(* Let $d$ be a premetric with open balls on a topological space $X$, and let $A\subset X$ be non-empty. Then the following are equivalent: (1) $\overline d_A=\overline d^\circ_A$; (2) $\overline d_A$ is continuous; (3) $\overline d^\circ_A$ is continuous. Moreover, the following two conditions are equivalent and imply (1)–(3): (4) $d_A$ is continuous; (5) $\overline d_A=\overline d^\circ_A=d_A$.
   Context: A premetric on $X$ is $d:X\times X\to[0,\infty)$ with $d(x,x)=0$. $B_d(x,\varepsilon)=\{y:d(x,y)<\varepsilon\}$, $B_d(A,\varepsilon)=\bigcup_{a\in A}B_d(a,\varepsilon)$; $d$ has open balls if every $B_d(x,\varepsilon)$ is open in $X$. For non-empty $A\subset X$ and $x\in X$: $d_A(x)=\inf\{\varepsilon>0:x\in B_d(A,\varepsilon)\}$, $\overline d_A(x)=\inf\{\varepsilon>0:x\in\overline{B_d(A,\varepsilon)}\}$, $\overline d^\circ_A(x)=\inf\{\varepsilon>0:x\in B_d(A,\varepsilon)\cup\mathrm{int}\,\overline{B_d(A,\varepsilon)}\}$. *)

From HB Require Import structures.
From mathcomp Require Import all_boot all_order all_algebra.
From mathcomp Require Import all_classical all_reals all_analysis.
Set Implicit Arguments. Unset Strict Implicit. Unset Printing Implicit Defensive.
Import Order.TTheory GRing.Theory Num.Theory.
Local Open Scope classical_set_scope.
Local Open Scope ring_scope.

Definition premetric (R : realType) (X : Type) (d : X -> X -> R) : Prop :=
  (forall x y, 0 <= d x y) /\ (forall x, d x x = 0).

Definition pball (R : realType) (X : Type) (d : X -> X -> R) (x : X) (e : R)
  : set X := [set y | d x y < e].

Definition pballA (R : realType) (X : Type) (d : X -> X -> R) (A : set X) (e : R)
  : set X := \bigcup_(a in A) pball d a e.

Definition has_open_balls (R : realType) (X : topologicalType)
  (d : X -> X -> R) : Prop :=
  forall (x : X) (e : R), open (pball d x e).

Definition distA (R : realType) (X : Type) (d : X -> X -> R) (A : set X)
  (x : X) : R := inf [set e : R | 0 < e /\ pballA d A e x].

Definition cdistA (R : realType) (X : topologicalType) (d : X -> X -> R)
  (A : set X) (x : X) : R :=
  inf [set e : R | 0 < e /\ closure (pballA d A e) x].

Definition cidistA (R : realType) (X : topologicalType) (d : X -> X -> R)
  (A : set X) (x : X) : R :=
  inf [set e : R | 0 < e /\
         (pballA d A e `|` interior (closure (pballA d A e))) x].

From HB Require Import structures.
From mathcomp Require Import all_boot all_order all_algebra.
From mathcomp Require Import all_classical all_reals all_analysis.
Import Order.TTheory GRing.Theory Num.Theory.
Import numFieldTopology.Exports numFieldNormedType.Exports.
Local Open Scope classical_set_scope.
Local Open Scope ring_scope.

(** All three distances are "first level" functions x |-> inf {e > 0 | x \in O e}
    of an increasing family O: for the open family U e = B_d(A, e) this gives
    d_A, for closure \o U it gives bar d_A, and for U \cup int (closure U) it
    gives bar d^o_A, so that bar d_A <= bar d^o_A <= d_A.  Open families give
    upper semicontinuous functions, while bar d_A is lower semicontinuous and
    is the largest lower semicontinuous function bounded by e on each U e.
    So if bar d^o_A or d_A is continuous, hence lower semicontinuous, it
    collapses onto bar d_A; and if bar d_A is upper semicontinuous then every
    point where it is below r lies in int (closure (U r)), which forces
    bar d^o_A <= bar d_A. *)

Section Semicontinuity.
Context {R : realType} {X : topologicalType}.

Definition upper_semicont (f : X -> R) :=
  forall x r, f x < r -> \forall y \near x, f y < r.

Definition lower_semicont (f : X -> R) :=
  forall x r, r < f x -> \forall y \near x, r < f y.

Lemma continuous_upper_semicont {f} : continuous f -> upper_semicont f.
Proof. by move=> fC x r; exact: cvgr_lt (fC x) r. Qed.

Lemma continuous_lower_semicont {f} : continuous f -> lower_semicont f.
Proof. by move=> fC x r; exact: cvgr_gt (fC x) r. Qed.

Lemma semicont_continuous {f} :
  upper_semicont f -> lower_semicont f -> continuous f.
Proof.
move=> fU fL x; apply/cvgrPdist_lt => eps eps_gt0.
have fxD : f x < f x + eps by rewrite ltrDl.
have fxB : f x - eps < f x by rewrite ltrBlDr ltrDl.
apply: filterS2 (fU x _ fxD) (fL x _ fxB) => y fy_lt fy_gt.
by rewrite ltr_distlC fy_gt fy_lt.
Qed.

End Semicontinuity.

Section LevelInf.
Context {R : realType} {X : topologicalType}.
Implicit Types (O P : R -> set X) (x : X) (e r : R).

Definition level_inf O x : R := inf [set e | 0 < e /\ O e x].

Definition covering O := forall x, exists e, 0 < e /\ O e x.

Lemma level_inf_le {O x e} : 0 < e -> O e x -> level_inf O x <= e.
Proof.
move=> e_gt0 Oex; apply: ge_inf; last by split.
by exists 0 => y [/ltW].
Qed.

Lemma level_inf_ge0 {O} x : covering O -> 0 <= level_inf O x.
Proof. by move=> /(_ x) Ox; apply: lb_le_inf => // e [/ltW]. Qed.

Lemma le_level_inf O P x : covering O -> (forall e, O e `<=` P e) ->
  level_inf P x <= level_inf O x.
Proof.
move=> /(_ x) Ox OP; apply: lb_le_inf => // e [e_gt0 Oex].
exact: level_inf_le (OP _ _ Oex).
Qed.

Lemma upper_semicont_level_inf P : (forall e, open (P e)) -> covering P ->
  upper_semicont (level_inf P).
Proof.
move=> Popen Pcov x r /(inf_lt (Pcov x)) [e [e_gt0 Pex] er].
apply: filterS (open_nbhs_nbhs (conj (Popen e) Pex)) => y Pey.
exact: le_lt_trans (level_inf_le e_gt0 Pey) er.
Qed.

Variable O : R -> set X.
Hypotheses (O_open : forall e, open (O e))
  (O_mono : forall e e', e <= e' -> O e `<=` O e') (O_cover : covering O).

Local Notation O_cl := (fun e => closure (O e)).
Local Notation O_int := (fun e => O e `|` interior (closure (O e))).

Lemma covering_closure : covering O_cl.
Proof.
by move=> x; have [e [e_gt0 Oex]] := O_cover x; exists e; split=> //; apply: subset_closure.
Qed.

Lemma covering_interior : covering O_int.
Proof. by move=> x; have [e [e_gt0 Oex]] := O_cover x; exists e; split=> //; left. Qed.

Lemma open_interior_family e : open (O_int e).
Proof. by apply: openU => //; exact: open_interior. Qed.

Lemma level_inf_closure_le_interior x : level_inf O_cl x <= level_inf O_int x.
Proof.
apply: le_level_inf; first exact: covering_interior.
by move=> e y [/subset_closure|/nbhs_singleton].
Qed.

Lemma level_inf_interior_le x : level_inf O_int x <= level_inf O x.
Proof. by apply: le_level_inf => // e y Oey; left. Qed.

Lemma lower_semicont_level_inf_closure : lower_semicont (level_inf O_cl).
Proof.
move=> x r rx; have [r_lt0|r_ge0] := ltP r 0.
  by apply: filterE => y; apply: lt_le_trans r_lt0 (level_inf_ge0 _ covering_closure).
set s := (r + level_inf O_cl x) / 2; have [rs sx] := midf_lt rx.
have s_gt0 : 0 < s by apply: le_lt_trans rs.
have Csx : ~ closure (O s) x.
  by move=> /(level_inf_le (O := O_cl) s_gt0); rewrite leNgt sx.
have : nbhs x (~` closure (O s)).
  by apply: open_nbhs_nbhs; split => //; apply: closed_openC; exact: closed_closure.
apply: filterS => y Csy; apply: lt_le_trans rs _.
apply: lb_le_inf; first exact: covering_closure.
(* an admissible level e < s would put y in closure (O e) `<=` closure (O s) *)
move=> e [_ Cey]; rewrite leNgt; apply/negP => es.
by apply: Csy; apply: (closureS (O_mono _ _ (ltW es))).
Qed.

Lemma le_level_inf_closure {g : X -> R} : lower_semicont g ->
  (forall e y, 0 < e -> O e y -> g y <= e) -> forall x, g x <= level_inf O_cl x.
Proof.
move=> gL gO x; rewrite leNgt; apply/negP => /(inf_lt (covering_closure x)).
move=> [e [e_gt0 Cex] eg]; have [y [Oey ey]] := Cex _ (gL x e eg).
by move: (gO e y e_gt0 Oey); rewrite leNgt ey.
Qed.

Lemma level_inf_interior_le_closure : upper_semicont (level_inf O_cl) ->
  forall x, level_inf O_int x <= level_inf O_cl x.
Proof.
move=> clU x; rewrite leNgt; apply/negP => lt_cl_int.
set r := (level_inf O_cl x + level_inf O_int x) / 2.
have [cl_r r_int] := midf_lt lt_cl_int.
have r_gt0 : 0 < r := le_lt_trans (level_inf_ge0 _ covering_closure) cl_r.
have ICx : interior (closure (O r)) x.
  apply: filterS (clU x r cl_r) => y /(inf_lt (covering_closure y)).
  by move=> [e [_ Cey] er]; exact: closureS (O_mono _ _ (ltW er)) _ Cey.
by move: (level_inf_le (O := O_int) r_gt0 (or_intror ICx)); rewrite leNgt r_int.
Qed.

Lemma level_inf_interior_le_of e y : 0 < e -> O e y -> level_inf O_int y <= e.
Proof. by move=> e_gt0 Oey; apply: level_inf_le => //; left. Qed.

Lemma level_inf_closure_eq_interiorP :
  level_inf O_cl = level_inf O_int <-> continuous (level_inf O_cl).
Proof.
split=> [cl_int|clC].
  apply: semicont_continuous lower_semicont_level_inf_closure.
  rewrite cl_int.
  exact: upper_semicont_level_inf open_interior_family covering_interior.
apply/funext => x; apply/le_anti; rewrite level_inf_closure_le_interior /=.
exact: level_inf_interior_le_closure (continuous_upper_semicont clC) x.
Qed.

Lemma continuous_level_inf_closure_interior :
  continuous (level_inf O_cl) <-> continuous (level_inf O_int).
Proof.
split=> [clC|intC].
  by rewrite -(proj2 level_inf_closure_eq_interiorP clC).
apply/level_inf_closure_eq_interiorP/funext => x.
apply/le_anti; rewrite level_inf_closure_le_interior /=.
apply: (le_level_inf_closure (continuous_lower_semicont intC)) => e y.
exact: level_inf_interior_le_of.
Qed.

Lemma continuous_level_infP : continuous (level_inf O) <->
  level_inf O_cl = level_inf O_int /\ level_inf O_int = level_inf O.
Proof.
split=> [OC|[cl_int int_O]].
  have O_le_cl x : level_inf O x <= level_inf O_cl x.
    apply: (le_level_inf_closure (continuous_lower_semicont OC)) => e y.
    exact: level_inf_le.
  have cl_le_int := level_inf_closure_le_interior.
  have int_le_O := level_inf_interior_le.
  split; apply/funext => x; apply/le_anti/andP; split.
  - exact: cl_le_int.
  - exact: le_trans (int_le_O x) (O_le_cl x).
  - exact: int_le_O.
  - exact: le_trans (O_le_cl x) (cl_le_int x).
apply: semicont_continuous; first exact: upper_semicont_level_inf.
by rewrite -int_O -cl_int; exact: lower_semicont_level_inf_closure.
Qed.

End LevelInf.

Section Premetric.
Context {R : realType} {X : topologicalType} (d : X -> X -> R) (A : set X).

Lemma pballA_mono e e' : e <= e' -> pballA d A e `<=` pballA d A e'.
Proof. by move=> ee' x [a Aa dax]; exists a => //; apply: lt_le_trans ee'. Qed.

Lemma open_pballA e : has_open_balls d -> open (pballA d A e).
Proof. by move=> dB; apply: bigcup_open => a _; apply: dB. Qed.

Lemma covering_pballA : premetric d -> A !=set0 -> covering (pballA d A).
Proof.
move=> [d_ge0 _] [a Aa] x; exists (d a x + 1); split.
  by apply: lt_le_trans ltr01 _; rewrite lerDr.
by exists a => //; rewrite /pball /= ltrDl.
Qed.

End Premetric.

Theorem proposition1p2 (R : realType) (X : topologicalType)
  (d : X -> X -> R) (A : set X) :
  premetric d -> has_open_balls d -> A !=set0 ->
  ((cdistA d A = cidistA d A <-> continuous (cdistA d A : X -> R)) /\
   (continuous (cdistA d A : X -> R) <-> continuous (cidistA d A : X -> R))) /\
  ((continuous (distA d A : X -> R) <-> (cdistA d A = cidistA d A /\ cidistA d A = distA d A)) /\
   (continuous (distA d A : X -> R) ->
      [/\ cdistA d A = cidistA d A, continuous (cdistA d A : X -> R)
        & continuous (cidistA d A : X -> R)])).
Proof.
move=> dP dB A0.
have Uopen e := open_pballA d A e dB.
have Umono := pballA_mono d A.
have Ucov := covering_pballA d A dP A0.
have eq12 : cdistA d A = cidistA d A <-> continuous (cdistA d A) :=
  level_inf_closure_eq_interiorP (pballA d A) Uopen Umono Ucov.
have cont12 : continuous (cdistA d A) <-> continuous (cidistA d A) :=
  continuous_level_inf_closure_interior (pballA d A) Uopen Umono Ucov.
have cont3 : continuous (distA d A) <->
    cdistA d A = cidistA d A /\ cidistA d A = distA d A :=
  continuous_level_infP (pballA d A) Uopen Umono Ucov.
do 2 split=> //; move=> /cont3 [/eq12 clC _].
by split=> //; [apply/eq12 | apply/cont12].
Qed.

___

Directions for this task:
Find the line that contains "Theorem proposition1p2 (R". Repeat it and every line after it, exactly as written, up to and including the last line of the records above.

Answer box:
Theorem proposition1p2 (R : realType) (X : topologicalType)
  (d : X -> X -> R) (A : set X) :
  premetric d -> has_open_balls d -> A !=set0 ->
  ((cdistA d A = cidistA d A <-> continuous (cdistA d A : X -> R)) /\
   (continuous (cdistA d A : X -> R) <-> continuous (cidistA d A : X -> R))) /\
  ((continuous (distA d A : X -> R) <-> (cdistA d A = cidistA d A /\ cidistA d A = distA d A)) /\
   (continuous (distA d A : X -> R) ->
      [/\ cdistA d A = cidistA d A, continuous (cdistA d A : X -> R)
        & continuous (cidistA d A : X -> R)])).
Proof.
move=> dP dB A0.
have Uopen e := open_pballA d A e dB.
have Umono := pballA_mono d A.
have Ucov := covering_pballA d A dP A0.
have eq12 : cdistA d A = cidistA d A <-> continuous (cdistA d A) :=
  level_inf_closure_eq_interiorP (pballA d A) Uopen Umono Ucov.
have cont12 : continuous (cdistA d A) <-> continuous (cidistA d A) :=
  continuous_level_inf_closure_interior (pballA d A) Uopen Umono Ucov.
have cont3 : continuous (distA d A) <->
    cdistA d A = cidistA d A /\ cidistA d A = distA d A :=
  continuous_level_infP (pballA d A) Uopen Umono Ucov.
do 2 split=> //; move=> /cont3 [/eq12 clC _].
by split=> //; [apply/eq12 | apply/cont12].
Qed.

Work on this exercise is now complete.